Globe Trotting| Travel
Digital devices have given travelers instant access to online guidebooks, restaurant reviews and the social media means to disseminate photos.
Now in a backlash against digital dependency, a number of tour operators, cruise lines and resorts are championing unplugged vacations.
The adventure travel company Intrepid Travel has just announced a new category of Digital Detox Trips in which participants pledge, in writing, to swear off all digital devices including cellphones and cameras. They will receive a notebook in which to record impressions, and the trip leader will send daily email updates to loved ones back home on request. The new eight- to 10-day trips visit Ecuador, India, Morocco and Thailand (from $630 a person).
Anyone seeking a DIY digital detox will find areas in emerging destinations like Cuba and Myanmar with weak if not nonexistent signals. Much of rural Alaska is unconnected, a feature that Un-Cruise Adventures celebrates in its off-grid Alaska sailings (seven nights from $2,295 a person) and Natural Habitat Adventures highlights in its eight-day Alaska’s Coastal Grizzlies: Kodiak to Katmai trip (from $8,995 a person).
In urban areas, travel providers are stepping in to help guests switch off. Separate the children from Snapchat, for instance, by checking into the Renaissance Pittsburgh hotel, which offers a family digital detox package in which family members exchange their devices for a room stocked with board games and cards.
The tour operator Tauck sends clients on its family-focused Tauck Bridges tours and cruises with pretrip instructions that encourage them to leave their devices in their rooms.

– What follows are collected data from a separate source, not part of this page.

(* The isotypic component W_i is the sum of all irreducible subrepresentations
   of K isomorphic to V_i; by finite dimensionality it is the row space of one
   finite such sum.  It is invariant under H_P because an operator commuting
   with K sends an irreducible subrepresentation isomorphic to V_i either to 0
   or onto another one (Schur's argument), and it is invariant under H_{M,i} by
   hypothesis (3).  A subspace invariant under H is invariant under the partial
   sums of the exponential series of -itH, hence, being closed, under e^{-itH}.
   So every layer of the circuit maps W_i into itself, and xi_i lies in W_i by
   hypothesis (2).  Nothing else is used: neither the group structure of K,
   nor the Perron-Frobenius property, the one-dimensionality of the lowest
   eigenspace or the normalisation of xi_i. *)

From HB Require Import structures.
From mathcomp Require Import all_boot all_order all_algebra.
From mathcomp Require Import complex.
From mathcomp Require Import all_classical all_reals all_analysis.
Import Order.TTheory GRing.Theory Num.Theory.
Import numFieldNormedType.Exports.
Set Implicit Arguments.
Unset Strict Implicit.
Unset Printing Implicit Defensive.

Local Open Scope ring_scope.
Local Open Scope complex_scope.
Local Open Scope classical_set_scope.

Section MatrixFacts.
Variables (F : fieldType) (N : nat).

Lemma stablemx_rows (S A : 'M[F]_N) :
  (forall v : 'rV_N, (v <= S)%MS -> (v *m A <= S)%MS) -> stablemx S A.
Proof. by move=> SA; apply/row_subP => i; rewrite row_mul SA ?row_sub. Qed.

Lemma cap_kermx0_linv (U A : 'M[F]_N) : (U :&: kermx A)%MS = 0 ->
  exists B : 'M[F]_N, forall m (X : 'M[F]_(m, N)), (X <= U)%MS -> X *m A *m B = X.
Proof.
move=> UkerA0; exists (pinvmx (U *m A) *m U) => m X XU.
apply/eqP; rewrite -subr_eq0 -submx0 -UkerA0 sub_capmx; apply/andP; split.
  by rewrite addmx_sub ?eqmx_opp // mulmxA submxMl.
apply/sub_kermxP; rewrite mulmxBl.
have -> : X *m A *m (pinvmx (U *m A) *m U) *m A =
    X *m A *m pinvmx (U *m A) *m (U *m A) by rewrite !mulmxA.
by rewrite mulmxKpV ?subrr ?submxMr.
Qed.

Lemma mxrank_mul_cap_kermx0 (U A : 'M[F]_N) : (U :&: kermx A)%MS = 0 ->
  \rank (U *m A) = \rank U.
Proof. by move=> UkerA0; rewrite -(mxrank_mul_ker U A) UkerA0 mxrank0 addn0. Qed.

End MatrixFacts.

Section Representations.
Variables (R : realType) (N : nat) (K : 'M[R[i]]_N -> Prop).
Implicit Types (U V A : 'M[R[i]]_N).

Definition equivariant A := forall g, K g -> g *m A = A *m g.

Lemma submod_capmx U V : submod K U -> submod K V -> submod K (U :&: V)%MS.
Proof.
move=> sU sV g Kg; rewrite sub_capmx.
by rewrite (submx_trans (submxMr _ (capmxSl _ _)) (sU g Kg))
           (submx_trans (submxMr _ (capmxSr _ _)) (sV g Kg)).
Qed.

Lemma submod_mul U A : submod K U -> equivariant A -> submod K (U *m A).
Proof. by move=> sU eqA g Kg; rewrite -mulmxA -eqA // mulmxA submxMr ?sU. Qed.

Lemma submod_kermx A : equivariant A -> submod K (kermx A).
Proof. by move=> eqA g Kg; apply: comm_mx_stable_ker; rewrite /comm_mx eqA. Qed.

Lemma submod_preimage A V : equivariant A -> submod K V ->
  submod K (kermx (A *m cokermx V)).
Proof.
move=> eqA sV g Kg; rewrite sub_kermx mulmxA -(mulmxA _ g) eqA // mulmxA -submxE.
apply: submx_trans (sV g Kg); apply: submxMr.
by rewrite submxE -mulmxA mulmx_ker.
Qed.

Lemma irr_submod_mul U A : irr_submod K U -> equivariant A -> U *m A != 0 ->
  irr_submod K (U *m A).
Proof.
case=> sU _ irrU eqA UA0; split => [||V sV VUA]; [exact: submod_mul | by [] |].
set P := (U :&: kermx (A *m cokermx V))%MS.
have sP : submod K P by apply: submod_capmx => //; exact: submod_preimage.
case: (irrU P sP (capmxSl _ _)) => [P0 | UP]; last first.
  right; rewrite submxE -mulmxA -sub_kermx.
  exact: submx_trans UP (capmxSr _ _).
left; case/submxP: VUA => D defV.
suff : (D *m U <= P)%MS by rewrite P0 submx0 defV mulmxA => /eqP ->; rewrite mul0mx.
rewrite sub_capmx submxMl sub_kermx /=.
by rewrite mulmxA -(mulmxA D) -defV mulmx_coker.
Qed.

Lemma submod_iso_mul U V A : submod K U -> submod_iso K U V -> equivariant A ->
  (U :&: kermx A)%MS = 0 -> submod_iso K (U *m A) V.
Proof.
move=> sU [f [UfV rkUf eqf]] eqA UkerA0.
have [B AB] := cap_kermx0_linv UkerA0.
exists (B *m f); split.
- by rewrite mulmxA AB.
- by rewrite mulmxA AB // rkUf mxrank_mul_cap_kermx0.
- move=> g Kg; rewrite -(mulmxA U A) -eqA // !mulmxA.
  by rewrite (AB _ (U *m g)) ?sU // AB // eqf.
Qed.

Lemma irr_iso_mul U V A : irr_submod K U -> submod_iso K U V -> equivariant A ->
  U *m A = 0 \/ irr_submod K (U *m A) /\ submod_iso K (U *m A) V.
Proof.
move=> irrU isoUV eqA; have [sU U0 minU] := irrU.
have sKer : submod K (U :&: kermx A)%MS.
  by apply: submod_capmx => //; exact: submod_kermx.
case: (minU _ sKer (capmxSl _ _)) => [UkerA0 | UkerA]; last first.
  by left; apply/sub_kermxP; exact: submx_trans UkerA (capmxSr _ _).
right; split; last exact: submod_iso_mul.
by apply: irr_submod_mul; rewrite // -mxrank_eq0 mxrank_mul_cap_kermx0 ?mxrank_eq0.
Qed.

Definition isotypic_family V k (Us : 'I_k -> 'M[R[i]]_N) :=
  forall j, irr_submod K (Us j) /\ submod_iso K (Us j) V.

Lemma isotypic_family_cat V k k' (Us : 'I_k -> 'M[R[i]]_N) (Us' : 'I_k' -> 'M[R[i]]_N) :
  isotypic_family V Us -> isotypic_family V Us' ->
  exists Ws : 'I_(k + k') -> 'M[R[i]]_N, isotypic_family V Ws /\
    (\sum_j Ws j = \sum_j Us j + \sum_j Us' j)%MS.
Proof.
move=> famUs famUs'.
exists (fun j => match fintype.split j with inl a => Us a | inr b => Us' b end); split.
  by move=> j; case: fintype.split.
rewrite big_split_ord /=; congr (_ + _)%MS; apply: eq_bigr => j _.
  by rewrite (unsplitK (inl j : 'I_k + 'I_k')).
by rewrite (unsplitK (inr j : 'I_k + 'I_k')).
Qed.

Lemma isotypic_componentP V : exists k (Us : 'I_k -> 'M[R[i]]_N),
  isotypic_family V Us /\ forall v, in_isotypic K V v <-> (v <= \sum_j Us j)%MS.
Proof.
pose P (r : nat) := `[< exists k (Us : 'I_k -> 'M[R[i]]_N),
                 isotypic_family V Us /\ \rank (\sum_j Us j)%MS = r >].
have P0 : exists r, P r.
  exists 0%N; apply/asboolP; exists 0%N, (fun=> 0); split; first by case.
  by rewrite big_ord0 mxrank0.
have Pub r : P r -> (r <= N)%N by case/asboolP => k [Us [_ <-]]; exact: rank_leq_col.
have [r /asboolP [k [Us [famUs rkS]]] maxr] := ex_maxnP P0 Pub.
exists k, Us; split => // v; split; last by exists k, Us.
case=> k' [Us' [famUs' vS']]; apply: submx_trans vS' _.
have [Ws [famWs sumWs]] := isotypic_family_cat famUs famUs'.
have rkWs : (\rank (\sum_j Ws j)%MS <= r)%N.
  by apply: maxr; apply/asboolP; exists _, Ws.
have sumUsWs : (\sum_j Us j <= \sum_j Ws j)%MS by rewrite sumWs addsmxSl.
apply: submx_trans (_ : _ <= \sum_j Ws j)%MS _; first by rewrite sumWs addsmxSr.
have /mxrank_leqif_sup [_ <-] := sumUsWs.
by rewrite eqn_leq mxrankS // rkS rkWs.
Qed.

Lemma in_isotypic_mul V A v : equivariant A ->
  in_isotypic K V v -> in_isotypic K V (v *m A).
Proof.
have [k [Us [famUs charS]]] := isotypic_componentP V.
move=> eqA /charS vS; apply/charS; apply: submx_trans (submxMr A vS) _.
rewrite sumsmxMr; apply/sumsmx_subP => j _.
have [-> | [irrUA isoUA]] := irr_iso_mul (famUs j).1 (famUs j).2 eqA.
  exact: sub0mx.
apply/row_subP => r; apply/charS; exists 1, (fun=> Us j *m A).
by rewrite big_ord1 row_sub.
Qed.

End Representations.

Section Exponential.
Variables (R : realType) (N : nat).
Local Notation C := R[i].
(* Matrices over [R[i]] get their normed topology only through the
   numFieldType structure of [R[i]]. *)
Local Notation Ctop := (R[i] : numFieldType).
Implicit Types (S A X : 'M[C]_N).

Lemma continuous_mulmx_coord (A B : 'M[C]_N) r s :
  continuous (fun X : 'M[Ctop]_N => (A *m X *m B) r s : Ctop).
Proof.
have -> : (fun X : 'M[Ctop]_N => (A *m X *m B) r s : Ctop) =
    (fun X => \sum_b \sum_a A r a * B b s * X a b).
  apply/funext => X; rewrite !mxE; apply: eq_bigr => b _.
  by rewrite !mxE mulr_suml; apply: eq_bigr => a _; rewrite mulrAC.
move=> X; apply: (continuous_big add_continuous) => b _ {}X.
apply: (continuous_big add_continuous) => a _ {}X.
exact: continuous_comp (@coord_continuous Ctop N N a b X) (@mulrl_continuous Ctop _ _).
Qed.

Lemma closed_stablemx S : closed [set X : 'M[Ctop]_N | stablemx S X].
Proof.
have -> : [set X : 'M[Ctop]_N | stablemx S X] =
    \bigcap_(rs in setT)
      [set X : 'M[Ctop]_N | (S *m X *m cokermx S) rs.1 rs.2 = 0].
  apply/seteqP; split => X /=.
    by rewrite submxE => /eqP SX0 rs _; rewrite /= SX0 mxE.
  move=> SX0; rewrite submxE; apply/eqP/matrixP => r s.
  by rewrite (SX0 (r, s)) ?mxE.
apply: closed_bigI => rs _.
have closed0 : closed [set (0 : Ctop)].
  exact/accessible_closed_set1/hausdorff_accessible/norm_hausdorff.
have cont := @continuous_mulmx_coord S (cokermx S) rs.1 rs.2.
exact: (continuous_closedP _).1 cont _ closed0.
Qed.

Lemma stablemx_mxpow S A k : stablemx S A -> stablemx S (mxpow A k).
Proof. by move=> SA; elim: k => [|k IHk]; [exact: stablemxC | exact: stablemxM]. Qed.

Lemma stablemx_expm S A : stablemx S A -> stablemx S (expm A).
Proof.
move=> SA; rewrite /expm /lim /lim_in.
case: xgetP => [L _ cvgL | _]; last first.
  (* the series diverges and [limn] returns the default point *)
  have -> : point = 0 :> 'M[Ctop]_N by apply/matrixP => i j; rewrite !mxE.
  exact: stablemx0.
apply: (closed_cvg _ (@closed_stablemx S) _ _ cvgL).
apply: nearW => m /=; rewrite seriesEord mulmx_sumr; apply: summx_sub => k _.
by rewrite -scalemxAr scalemx_sub // stablemx_mxpow.
Qed.

Lemma stablemx_evol S A t : stablemx S A -> stablemx S (evol t A).
Proof. by move=> SA; rewrite stablemx_expm // -scalemxAr scalemx_sub. Qed.

Lemma qaoa_state_sub S Hp Hm xi bg :
  stablemx S Hp -> stablemx S Hm -> (xi <= S)%MS ->
  (qaoa_state Hp Hm xi bg <= S)%MS.
Proof.
move=> SHp SHm xiS; have evolS (v : 'rV[C]_N) H t :
    (v <= S)%MS -> stablemx S H -> (v *m evol t H <= S)%MS.
  by move=> vS SH; apply: submx_trans (submxMr _ vS) _; exact: stablemx_evol.
by elim: bg => [|[b g] bg IHbg] //=; rewrite !evolS.
Qed.

End Exponential.

Theorem mainTheorem1 (R : realType) (n d : nat) (hn : (1 <= n)%N) (hd : (1 <= d)%N)
  (F : Dn n d -> R)
  (K : 'M[R[i]]_(dimW n d) -> Prop)
  (HK : unitary_group K)
  (HKcomm : forall g, K g -> g *m HP F = HP F *m g)
  (Vi : 'M[R[i]]_(dimW n d)) (HVi : irr_submod K Vi)
  (HM : 'M[R[i]]_(dimW n d))
  (HMherm : hermitian_mx HM)
  (HM1 : perron_frobenius_hyp HM)
  (e : R[i]) (He : lowest_eigenvalue HM e)
  (HM2dim : \rank (eigenspace HM e) = 1%N)
  (HM2sub : forall v : 'rV[R[i]]_(dimW n d),
      (v <= eigenspace HM e)%MS -> in_isotypic K Vi v)
  (HM3 : forall Vj : 'M[R[i]]_(dimW n d), irr_submod K Vj ->
      forall w, in_isotypic K Vj w -> in_isotypic K Vj (w *m HM))
  (xi : 'rV[R[i]]_(dimW n d))
  (Hxi : (xi <= eigenspace HM e)%MS) (Hxi1 : vnorm2 xi = 1) :
  forall (p : nat), (1 <= p)%N ->
  forall beta gamma : 'I_p -> R,
    in_isotypic K Vi
      (qaoa_state (HP F) HM xi [seq (beta j, gamma j) | j <- enum 'I_p]).
Proof.
move=> p _ beta gamma.
have [k [Us [_ charS]]] := isotypic_componentP K Vi.
have stableS A : (forall v, in_isotypic K Vi v -> in_isotypic K Vi (v *m A)) ->
    stablemx (\sum_j Us j)%MS A.
  by move=> VA; apply: stablemx_rows => v /charS /VA /charS.
apply/charS; apply: qaoa_state_sub.
- by apply: stableS => v; exact: in_isotypic_mul HKcomm.
- exact/stableS/HM3.
- exact/charS/HM2sub.
Qed.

Tauck’s chief executive, Dan Mahar, said that the response has been positive since the program began about three years ago. “Parents and grandparents were happy to have someone else set the standard.”
Airline bans Samsung Note 7
COPENHAGEN, Denmark >> Scandinavian Airlines is banning passengers from using the new Samsung Note 7 smartphone on its flights because of concern about fires.
SAS spokesman Fredrik Henriksson says he expects “good understanding from our customers” to not use or charge one, or stow it in checked baggage.
Henriksson told the Associated Press that it was a “ban, not just a recommendation” like the one issued Sept. 9 by the U.S. Federal Aviation Administration, which said it can’t prohibit the devices until the Consumer Product Safety Commission issues a recall.
Singapore Airlines already has prohibited the use or charging of the Galaxy device during flights, while others have said they would tell passengers not to check the Galaxy phone and to leave it switched off during flights.
Samsung on Sept. 2 recalled 2.5 million Galaxy Note 7 phones after several dozen caught fire and exploded.